Mientras más de media España se alimentaba de las mondas y los piojos de la posguerra, a
Francisco no se le ocurrió otra cosa que construir un aparatoso y disparatado monolito para
conmemorarse a sí mismo y a los que lucharon y murieron por su causa, que era la de Dios (y el
Dinero); un enclave sin igual para pasar a la posteridad con la mayor gloria posible y
salvaguardar, magnificar y honrar su propia memoria. El Valle de sus Caídos, una
monstruosidad ostentosa, producto de la obsesión del déspota Francisco por elevarse a las
alturas y sublimar su crimen; una extravagancia obscena para ensalzar su gloria y la de un tal
José Antonio, un señor que pasaba por allí y al que no se le conoce otros meritos que ser hijo
de otro dictador y fundar un partido fascista… El Valle de los Caídos, un homenaje permanente
a unos militares golpistas que arrasaron por la fuerza las instituciones democráticas legítimas de
la República y causaron una espantosa guerra.
La obra duró casi 20 años, costó la friolera de muchos miles de millones y acabó con la vida de
incontables presos políticos, encarcelados en el campo de concentración de Cuelgamuros, que
trabajaban como esclavos bajo el mortal frío de Guadarrama. ¿Cuántas bocas se hubieran
podido alimentar con el dinero empleado en la construcción de esa mole? ¿Cuántas viviendas,
escuelas y hospitales se hubieran podido construir?
En fin, el caso es que el dictador Francisco ordenó que a su muerte lo enterraran bajo aquella
cruz, junto con el señor que pasaba por allí y algunos de sus cómplices sublevados. Y allí están,
tan ricamente, a la diestra de su Dios Padre.
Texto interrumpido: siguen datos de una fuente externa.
(* Let $0\le\sigma<1$, let $g(x)=\frac{\sin\log x}{\log x}$ for $0<x<1$, $g(0)=g(1)=0$, and $g_\sigma(x)=g(x)/x^\sigma$ for $0<x\le1$. There is a constant $C_\sigma$ depending only on $\sigma$ such that for all $\ell\ge1$, $$\Big|R_{g_\sigma}(\ell)-\int_0^1g_\sigma(t)\,dt\Big|\le\frac{C_\sigma}{\ell^{1-\sigma}},\qquad\text{where } R_{g_\sigma}(\ell)=\frac1\ell\sum_{k=1}^\ell g_\sigma\big(\tfrac k\ell\big).$$ Further, $\int_0^1g_\sigma(t)\,dt=\arctan\big(\frac{1}{1-\sigma}\big)$. *)

From Stdlib Require Import Reals Lra.
From Coquelicot Require Import Coquelicot.
Open Scope R_scope.

Definition g (x : R) : R :=
  if Rlt_dec 0 x then if Rlt_dec x 1 then sin (ln x) / ln x else 0 else 0.

(* g_sigma(x) = g(x) / x^sigma for 0 < x <= 1; outside (0,1] we put 0
   (the value at 0 is irrelevant: not sampled by the Riemann sums, measure zero). *)
Definition g_sigma (sigma x : R) : R :=
  if Rlt_dec 0 x then if Rle_dec x 1 then g x / Rpower x sigma else 0 else 0.

Definition riemann_sum (sigma : R) (l : nat) : R :=
  / INR l * sum_n_m (fun k => g_sigma sigma (INR k / INR l)) 1 l.

Definition int_g_sigma (sigma : R) : R :=
  RInt_gen (g_sigma sigma) (at_right 0) (at_point 1).

(* Since sin (ln x) / ln x = \int_0^1 cos (s ln x) ds, g_sigma is the average over s in [0, 1]
   of phi_s x = x^-sigma cos (s ln x), which has the explicit antiderivative
   Phi_s x = x^(1-sigma) ((1-sigma) cos (s ln x) + s sin (s ln x)) / ((1-sigma)^2 + s^2),
   vanishing at 0+ and with \int_0^1 Phi_s 1 ds = arctan (1 / (1 - sigma)).
   For the Riemann sums, phi_s'' = O(x^(-sigma-2)) uniformly in s, so the trapezoid rule on
   [k h, (k+1) h] errs by O(h^(1-sigma) / k^2), which sums to O(h^(1-sigma)); a mean value
   argument in s then transfers this bound from the sums of phi_s to those of g_sigma, with no
   exchange of sum and integral. *)

From Stdlib Require Import Reals Lra Lia.
From Coquelicot Require Import Coquelicot.
Open Scope R_scope.

Lemma continuous_of_ex_derive (f : R -> R) x : ex_derive f x -> continuous f x.
Proof. exact (@ex_derive_continuous R_AbsRing R_NormedModule f x). Qed.

Lemma abs_sub_le_of_derive_bound (G dG : R -> R) a b K : a <= b ->
  (forall t, a <= t <= b -> is_derive G t (dG t)) ->
  (forall t, a <= t <= b -> Rabs (dG t) <= K) ->
  Rabs (G b - G a) <= K * (b - a).
Proof.
intros Hab Hd HK.
assert (Hmin : Rmin a b = a) by (apply Rmin_left; lra).
assert (Hmax : Rmax a b = b) by (apply Rmax_right; lra).
destruct (MVT_gen G a b dG) as [c [Hc ->]]; rewrite Hmin, Hmax in *.
- intros x Hx. apply Hd. lra.
- intros x Hx. apply continuity_pt_filterlim, continuous_of_ex_derive.
  exists (dG x). apply Hd. exact Hx.
- rewrite Rabs_mult, (Rabs_right (b - a)) by lra.
  apply Rmult_le_compat_r; [lra | apply HK; lra].
Qed.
Con ser malo todo esto, no es lo peor. Resulta que en esa infame fosa común también yacen
miles de personas que murieron o defendiendo la democracia (luchando contra los golpistas) o
víctimas de la sangrienta represión franquista. Allí abajo se funden los huesos (no las almas) de
víctimas y victimarios. Y todo bajo una inscripción humillante: «Caídos por Dios y por
España». ¿Cómo es posible? Pues mira, es posible porque parece ser que la catacumba les
quedó grande y no encontraban suficientes muertos de los suyos para llenar el antro. Así que
para completar fosas vanas y nichos huecos, el dictador, en un acceso de bonhomía, ordenó
meter allí a caídos republicanos, o sea, rojos. Ni cortos ni perezosos se pusieron a profanar
fosas en los pueblos, exhumaron sin ningún respeto los restos de miles de republicanos
fusilados y los trasladaron de forma clandestina a Cuelgamuros, sin informar siquiera a los
familiares. Y allí están, criando malvas y úlceras, forzados a acompañar por toda la eternidad al
culpable de su muerte. Y toda esa barbaridad –producto de los desvaríos de un tirano– la
estamos manteniendo, a día de hoy, todos nosotros con nuestros impuestos. ¡Qué gracia!, ¿no?
Es indignante para la memoria de los caídos y de España, que el golpista e inicuo dictador
Francisco siga enterrado junto a sus víctimas, con unas distinciones que le glorifican como
salvador de España por la Gracia de Dios. Maldita la gracia que tuvo Dios enviándonos a
semejantes salvadores.
¿Cuándo permitirán a los familiares de los muertos republicanos rescatar de allí a sus deudos y enterrarlos
dignamente y sin miedo, como y donde quieran? ¿Cuándo ese lugar dejará de ser el mausoleo honorífico
de los principales responsables de tanto sufrimiento? ¿Cuándo convertirán ese escenario en un lugar de
memoria, reflexión y docencia para que nunca más la fuerza de las armas, la barbarie de una guerra y la
perversidad de una dictadura nos amputen la Libertad? ¿Cuándo?